The protection for probe/attach/detach appears to be the 'Giant' mutex lock.  This is insufficient to protect against multiple thread attaching/detaching at the same time.  Some attach/detach actions require "sleeps", this releases the 'Giant' lock, allowing other threads to also attach/detach.  There are no checks for `DS_ATTACHING` state in device_attach() and there is currently no `DS_DETACHING` state to check in device_detach().

Steps to Reproduce:
This is easily reproduced with devices that "sleep" during attach/detach, as Giant lock is dropped in these cases.
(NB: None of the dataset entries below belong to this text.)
(* Let $E$ be a real topological vector space, $f:E\to\mathbb{R}$ and $x\in E$. If $f$ is $D^-_M$-differentiable at $x$, then $D^-_Mf(x):E\to\mathbb{R}$ is a superlinear functional, and $D^-f(x)$ is superlinear if and only if $D^-f(x)=D^-_Mf(x)$. Similarly, if $f$ is $D^+_M$-differentiable at $x$, then $D^+_Mf(x)$ is a sublinear functional, and $D^+f(x)$ is sublinear if and only if $D^+f(x)=D^+_Mf(x)$.
   Context: $D^-f(x)(u):=\liminf_{t\to0^+}\frac{f(x+tu)-f(x)}{t}$ and $D^+f(x)(u):=\limsup_{t\to0^+}\frac{f(x+tu)-f(x)}{t}$, with $D^-f(x)(0)=D^+f(x)(0)=0$. $D^-_Mf(x)(u):=\inf_{w\in E}\{D^-f(x)(u+w)-D^-f(x)(w)\}$ and $D^+_Mf(x)(u):=\sup_{w\in E}\{D^+f(x)(u+w)-D^+f(x)(w)\}$. $f$ is $D^-_M$-differentiable (resp. $D^+_M$-differentiable) at $x$ if $D^-_Mf(x)(u)$ and $D^-f(x)(u)$ (resp. $D^+_Mf(x)(u)$ and $D^+f(x)(u)$) are finite for all $u\in E$. A map $p:E\to\mathbb{R}$ is sublinear if $p(x+y)\le p(x)+p(y)$ and $p(\lambda x)=\lambda p(x)$ for all $x,y\in E$, $\lambda\ge0$; superlinear if $-p$ is sublinear. *)

From HB Require Import structures.
From mathcomp Require Import all_boot all_order all_algebra.
From mathcomp Require Import all_classical all_reals all_analysis.
Set Implicit Arguments. Unset Strict Implicit. Unset Printing Implicit Defensive.
Import Order.TTheory GRing.Theory Num.Theory.
Local Open Scope ring_scope.
Local Open Scope classical_set_scope.

Section Dini.
Variables (R : realType) (E : topologicalLmodType R).

Definition dini_lower (f : E -> R) (x u : E) : \bar R :=
  if u == 0 then 0%E
  else @limf_einf R R^o R (fun t : R => ((f (x + t *: u) - f x) / t)%:E) (0^'+).

Definition dini_upper (f : E -> R) (x u : E) : \bar R :=
  if u == 0 then 0%E
  else @limf_esup R R^o R (fun t : R => ((f (x + t *: u) - f x) / t)%:E) (0^'+).

Definition dini_lowerM (f : E -> R) (x u : E) : \bar R :=
  ereal_inf [set (dini_lower f x (u + w)%R - dini_lower f x w)%E | w in [set: E]].

Definition dini_upperM (f : E -> R) (x u : E) : \bar R :=
  ereal_sup [set (dini_upper f x (u + w)%R - dini_upper f x w)%E | w in [set: E]].

Definition lowerM_differentiable (f : E -> R) (x : E) : Prop :=
  forall u, (dini_lowerM f x u \is a fin_num) /\ (dini_lower f x u \is a fin_num).

Definition upperM_differentiable (f : E -> R) (x : E) : Prop :=
  forall u, (dini_upperM f x u \is a fin_num) /\ (dini_upper f x u \is a fin_num).

(* sublinear / superlinear extended-real-valued functionals (values are finite
   in all uses below) *)
Definition sublinear (p : E -> \bar R) : Prop :=
  (forall y z : E, (p (y + z)%R <= p y + p z)%E) /\
  (forall (l : R) (y : E), 0 <= l -> p (l *: y)%R = (l%:E * p y)%E).

Definition superlinear (p : E -> \bar R) : Prop :=
  sublinear (fun y => - p y)%E.

End Dini.

(* Both Dini derivatives are positively homogeneous in the direction, because
   t |-> l t maps the filter 0^'+ onto itself.  For a finite, positively
   homogeneous g, the functional infM g u = inf_w (g (u + w) - g w) is
   superadditive (telescope g (y + z + w) - g w through g (z + w)) and
   positively homogeneous (substitute w |-> l w), hence superlinear.  If g is
   itself superlinear then g u <= g (u + w) - g w for every w, while w = 0 gives
   infM g u <= g u; so g = infM g.  The upper case is the lower one applied to
   -g, since supM g = - infM (- g). *)

From HB Require Import structures.
From mathcomp Require Import all_boot all_order all_algebra.
From mathcomp Require Import all_classical all_reals all_analysis.
From mathcomp Require Import lra.
Import Order.TTheory GRing.Theory Num.Theory.
Local Open Scope ring_scope.
Local Open Scope classical_set_scope.

Section limf_esup_lemmas.
Context {R : realType} {T U : choiceType}.
Context {X : filteredType T} {Y : filteredType U}.
Local Open Scope ereal_scope.

Lemma limf_esup_comp (f : Y -> \bar R) (h : X -> Y) (F : set_system X) :
  Filter F -> limf_esup (f \o h) F = limf_esup f (h @ F).
Proof.
move=> FF; apply/eqP; rewrite eq_le; apply/andP; split.
- apply/ereal_infP => _ [W FW <-]; apply: le_trans (ereal_inf_lbound _) _.
    by exists (h @^-1` W).
  by apply: ereal_sup_le => _ [t Wt <-]; exists (h t).
- apply/ereal_infP => _ [V FV <-]; apply: le_trans (ereal_inf_lbound _) _.
    exists (h @` V); last by rewrite image_comp.
    by apply: (@filterS _ F _ V) => // t Vt; exists t.
  exact: lexx.
Qed.

Lemma limf_esup_pZl (f : X -> \bar R) (F : set_system X) (l : R) : (0 < l)%R ->
  limf_esup (fun t => l%:E * f t) F = l%:E * limf_esup f F.
Proof.
move=> l_gt0; rewrite /limf_esup -ereal_inf_pZl // image_comp.
congr ereal_inf; apply: eq_imagel => V _ /=.
by rewrite -ereal_sup_pZl // image_comp.
Qed.

End limf_esup_lemmas.

Lemma at_right_scale {R : realType} {l : R} : 0 < l ->
  (fun t => l * t) @ 0^'+ --> (0 : R)^'+.
Proof.
move=> l_gt0 W /nbhs_ballP [e e_gt0 eW]; apply/nbhs_ballP.
exists (e / l); first exact: divr_gt0.
move=> t; rewrite /ball /= !sub0r !normrN ltr_pdivlMr // => te t_gt0.
apply: eW; last exact: mulr_gt0.
by rewrite /ball_ /= sub0r normrN normrM (gtr0_norm l_gt0) mulrC.
Qed.

Lemma at_right_scaleE {R : realType} {l : R} : 0 < l ->
  (fun t => l * t) @ 0^'+ = (0 : R)^'+.
Proof.
move=> l_gt0; apply/seteqP; split; last exact: at_right_scale.
have li_gt0 : 0 < l^-1 by rewrite invr_gt0.
move=> W /(at_right_scale li_gt0); apply: (@filterS _ (0^'+)) => t /=.
by rewrite mulrA mulfV ?gt_eqF // mul1r.
Qed.

Section dini_homogeneity.
Context {R : realType} {E : topologicalLmodType R}.
Implicit Types (f : E -> R) (x u : E).
Local Open Scope ereal_scope.

Lemma dini_lowerN f x u :
  dini_lower f x u = - dini_upper (fun y => - f y)%R x u.
Proof.
rewrite /dini_lower /dini_upper; case: eqP => _; first by rewrite oppe0.
congr (- limf_esup _ _); apply/funext => t /=.
by rewrite -mulNr opprB opprK addrC.
Qed.

Lemma dini_upper_pZ f x (l : R) u : (0 < l)%R ->
  dini_upper f x (l *: u) = l%:E * dini_upper f x u.
Proof.
move=> l_gt0; rewrite /dini_upper scaler_eq0 (gt_eqF l_gt0) /=.
case: eqP => _; first by rewrite mule0.
rewrite -limf_esup_pZl // -[in RHS](at_right_scaleE l_gt0).
rewrite -(@limf_esup_comp _ _ _ R^o R^o).
congr limf_esup; apply/funext => t /=; rewrite -EFinM scalerA; congr EFin.
by rewrite [(t * l)%R]mulrC invfM mulrCA mulVKf ?gt_eqF.
Qed.

Lemma dini_lower_pZ f x (l : R) u : (0 < l)%R ->
  dini_lower f x (l *: u) = l%:E * dini_lower f x u.
Proof. by move=> l_gt0; rewrite !dini_lowerN dini_upper_pZ // muleN. Qed.

End dini_homogeneity.

Section infM_supM.
Context {R : realType} {E : topologicalLmodType R}.
Local Open Scope ereal_scope.

Definition infM (g : E -> \bar R) (u : E) : \bar R :=
  ereal_inf [set g (u + w)%R - g w | w in [set: E]].

Definition supM (g : E -> \bar R) (u : E) : \bar R :=
  ereal_sup [set g (u + w)%R - g w | w in [set: E]].

Lemma infM_le (g : E -> \bar R) u w : infM g u <= g (u + w)%R - g w.
Proof. by apply: ereal_inf_lbound; exists w. Qed.

Lemma supME (g : E -> \bar R) : (forall u, g u \is a fin_num) ->
  supM g = \- infM (\- g).
Proof.
move=> g_fin; apply/funext => u; rewrite /infM ereal_infEN oppeK image_comp.
congr ereal_sup; apply: eq_imagel => w _ /=.
by rewrite oppeB ?fin_num_adde_defl ?fin_numN // oppeK.
Qed.

Section infM_theory.
Variable g : E -> \bar R.
Hypothesis g_fin : forall u, g u \is a fin_num.
Hypothesis gZ : forall (l : R) u, (0 < l)%R -> g (l *: u) = l%:E * g u.

Let g0 : g 0%R = 0.
Proof.
have := @gZ 2%:R 0%R (ltr0Sn R 1); rewrite scaler0 -(fineK (g_fin 0%R)) -EFinM.
move=> [g0E]; congr EFin; lra.
Qed.

Lemma infM_superadditive y z : infM g y + infM g z <= infM g (y + z)%R.
Proof.
apply/ereal_infP => _ [w _ <-]; rewrite -addrA.
have -> : g (y + (z + w))%R - g w =
           (g (y + (z + w))%R - g (z + w)%R) + (g (z + w)%R - g w).
  by rewrite addeA subeK.
exact: leeD (infM_le _ _ _) (infM_le _ _ _).
Qed.

Lemma infM0 : infM g 0%R = 0.
Proof.
apply/eqP; rewrite eq_le; apply/andP; split.
  by have := infM_le g 0%R 0%R; rewrite addr0 subee.
by apply/ereal_infP => _ [w _ <-]; rewrite add0r subee.
Qed.

Lemma infM_pZ (l : R) u : (0 < l)%R -> infM g (l *: u)%R = l%:E * infM g u.
Proof.
move=> l_gt0; have l_neq0 : l != 0%R by rewrite gt_eqF.
rewrite /infM -ereal_inf_pZl // image_comp; congr ereal_inf.
apply/seteqP; split => _ [w _ <-] /=; last first.
  exists (l *: w) => //.
  by rewrite muleBr ?fin_num_adde_defl ?fin_numN // -!gZ // scalerDr.
exists (l^-1 *: w) => //.
by rewrite muleBr ?fin_num_adde_defl ?fin_numN // -!gZ // scalerDr scalerKV.
Qed.

Hypothesis infM_fin : forall u, infM g u \is a fin_num.

Lemma infM_superlinear : superlinear (infM g).
Proof.
split=> [y z|l y].
  by rewrite -oppeD ?fin_num_adde_defl // leeN2 infM_superadditive.
rewrite le_eqVlt => /predU1P [<-|l_gt0].
  by rewrite scale0r infM0 mul0e oppe0.
by rewrite infM_pZ // -muleN.
Qed.

Lemma superlinear_iff_infM : superlinear g <-> g = infM g.
Proof.
split=> [[g_subN _]|->]; last exact: infM_superlinear.
have g_superadd y z : g y + g z <= g (y + z)%R.
  by rewrite -leeN2 oppeD ?fin_num_adde_defl // g_subN.
apply/funext => u; apply/eqP; rewrite eq_le; apply/andP; split.
  by apply/ereal_infP => _ [w _ <-]; rewrite leeBrDr.
by have := infM_le g u 0%R; rewrite addr0 g0 sube0.
Qed.

End infM_theory.

Section supM_theory.
Variable g : E -> \bar R.
Hypothesis g_fin : forall u, g u \is a fin_num.
Hypothesis gZ : forall (l : R) u, (0 < l)%R -> g (l *: u) = l%:E * g u.
Hypothesis supM_fin : forall u, supM g u \is a fin_num.

Let gN_fin u : (\- g) u \is a fin_num.
Proof. by rewrite fin_numN. Qed.

Let gNZ (l : R) u : (0 < l)%R -> (\- g) (l *: u) = l%:E * (\- g) u.
Proof. by move=> l_gt0; rewrite /= gZ // muleN. Qed.

Let infMN_fin u : infM (\- g) u \is a fin_num.
Proof. by have := supM_fin u; rewrite supME // fin_numN. Qed.

Lemma supM_sublinear : sublinear (supM g).
Proof. by rewrite supME //; exact: infM_superlinear. Qed.

Lemma sublinear_iff_supM : sublinear g <-> g = supM g.
Proof.
have gNN : \- (\- g) = g by apply/funext => u; rewrite oppeK.
have g_sub : sublinear g <-> superlinear (\- g) by rewrite /superlinear gNN.
rewrite g_sub superlinear_iff_infM // supME //.
split=> [gNE | gE]; apply/funext => u /=; first by rewrite -gNE oppeK.
by rewrite {1}gE oppeK.
Qed.

End supM_theory.

End infM_supM.

Theorem proposition2p2 (R : realType) (E : topologicalLmodType R)
  (f : E -> R) (x : E) :
  (lowerM_differentiable f x ->
     superlinear (dini_lowerM f x) /\
     (superlinear (dini_lower f x) <-> dini_lower f x = dini_lowerM f x)) /\
  (upperM_differentiable f x ->
     sublinear (dini_upperM f x) /\
     (sublinear (dini_upper f x) <-> dini_upper f x = dini_upperM f x)).
Proof.
(* dini_lowerM f x and dini_upperM f x are convertible to
   infM (dini_lower f x) and supM (dini_upper f x). *)
split=> D.
  have lower_fin u := (D u).2; have lowerM_fin u := (D u).1.
  have lowerZ := @dini_lower_pZ R E f x.
  split; first exact: infM_superlinear _ lower_fin lowerZ lowerM_fin.
  exact: superlinear_iff_infM _ lower_fin lowerZ lowerM_fin.
have upper_fin u := (D u).2; have upperM_fin u := (D u).1.
have upperZ := @dini_upper_pZ R E f x.
split; first exact: supM_sublinear _ upper_fin upperZ upperM_fin.
exact: sublinear_iff_supM _ upper_fin upperZ upperM_fin.
Qed.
https://www.freebsd.org/cgi/man.cgi?locking(9). "Giant is dropped during unbounded sleeps and reacquired after wakeup." 

igb devices enter e1000_get_cfg_done_i210()->safe_pause_sbt()->pause_sbt() during detach, thus releasing the Giant lock.  As show in the attached backtrace.

root@FBSDCURRENT:/ # devinfo -v | grep igb0
            igb0 pnpinfo vendor=0x8086 device=0x1533 subvendor=0x8086 subdevice=0x0002 class=0x020000 at slot=0 function=0 dbsf=pci0:6:0:0 handle=\_SB_.PCI0.RP05.PXSX
root@FBSDCURRENT:/ #

Terminal #1:
# sh
root@FBSDCURRENT:/ # while [ true ] ; do devctl attach pci0:6:0:0;devctl detach pci0:6:0:0;done

Terminal #2:
# sh
root@FBSDCURRENT:/ # while [ true ] ; do devctl attach pci0:6:0:0;devctl detach pci0:6:0:0;done

Actual Results:
This causes an immediate panic when Terminal #2 starts loop.

A backtrace of the 2 threads both running the devctl's devctl2_ioctl() is attached (locally build kernel). `vmcore` file from "13.0-RELEASE" can also be provided.

Expected Results:
The kernel should not panic/crash.  First thread should complete.  The second thread should return an error (or wait until the other thread is complete).

Build Date & Hardware: 
Locally compiled with git updated Dec 21 2021:

FreeBSD FBSDCURRENT 14.0-CURRENT FreeBSD 14.0-CURRENT #3 main-n251848-3e01ee76f20: Tue Dec 21 00:33:45 EST 2021     root@FBSDCURRENT:/usr/obj/usr/src/amd64.amd64/sys/GENERIC  amd64

Also reproducible on 13.0-RELEASE (Downloaded/Updated):

FreeBSD TrafficHammerTwoHanded 13.0-RELEASE FreeBSD 13.0-RELEASE #0 releng/13.0-n244733-ea31abc261f: Fri Apr  9 04:24:09 UTC 2021     root@releng1.nyi.freebsd.org:/usr/obj/usr/src/amd64.amd64/sys/GENERIC  amd64
Comment 1 Kubilay Kocak freebsd_committer freebsd_triage 2021-12-21 22:11:28 UTC
Some recent work [1] with Giant replacement in subr_bus and portentially relatged work with respect to [2], which mentions "patch works around the real issue, which is a locking deficiency of the busses.

Request feedback from those committers accordingly. 

[1] https://reviews.freebsd.org/D31833
[2] https://reviews.freebsd.org/D19375

^Triage: Set version to earliest supported and confirmed reproduction.
Comment 2 Warner Losh freebsd_committer freebsd_triage 2021-12-21 22:22:40 UTC
This is a know bug since FreeBSD 4.0. devctl just makes it a lot easier to tickle. As you note, the only real way to fix it is to move away from Giant, but even that exposes a few holes w/o additional work.
Comment 3 ghuckriede 2021-12-22 14:53:05 UTC
Is there a time frame for a fix?
Comment 4 Warner Losh freebsd_committer freebsd_triage 2021-12-22 15:02:00 UTC
The general fix is not simple. Simple hacks might limit the blast radius.. loops with devctl won't work for some time because it does unnatural things that normal drivers never do. I'll be concentrating on the typical scenarios first...
Comment 5 Mark Linimon freebsd_committer freebsd_triage 2024-10-04 11:08:21 UTC
^Triage: clear unneeded flags.  Nothing has yet been committed to be merged.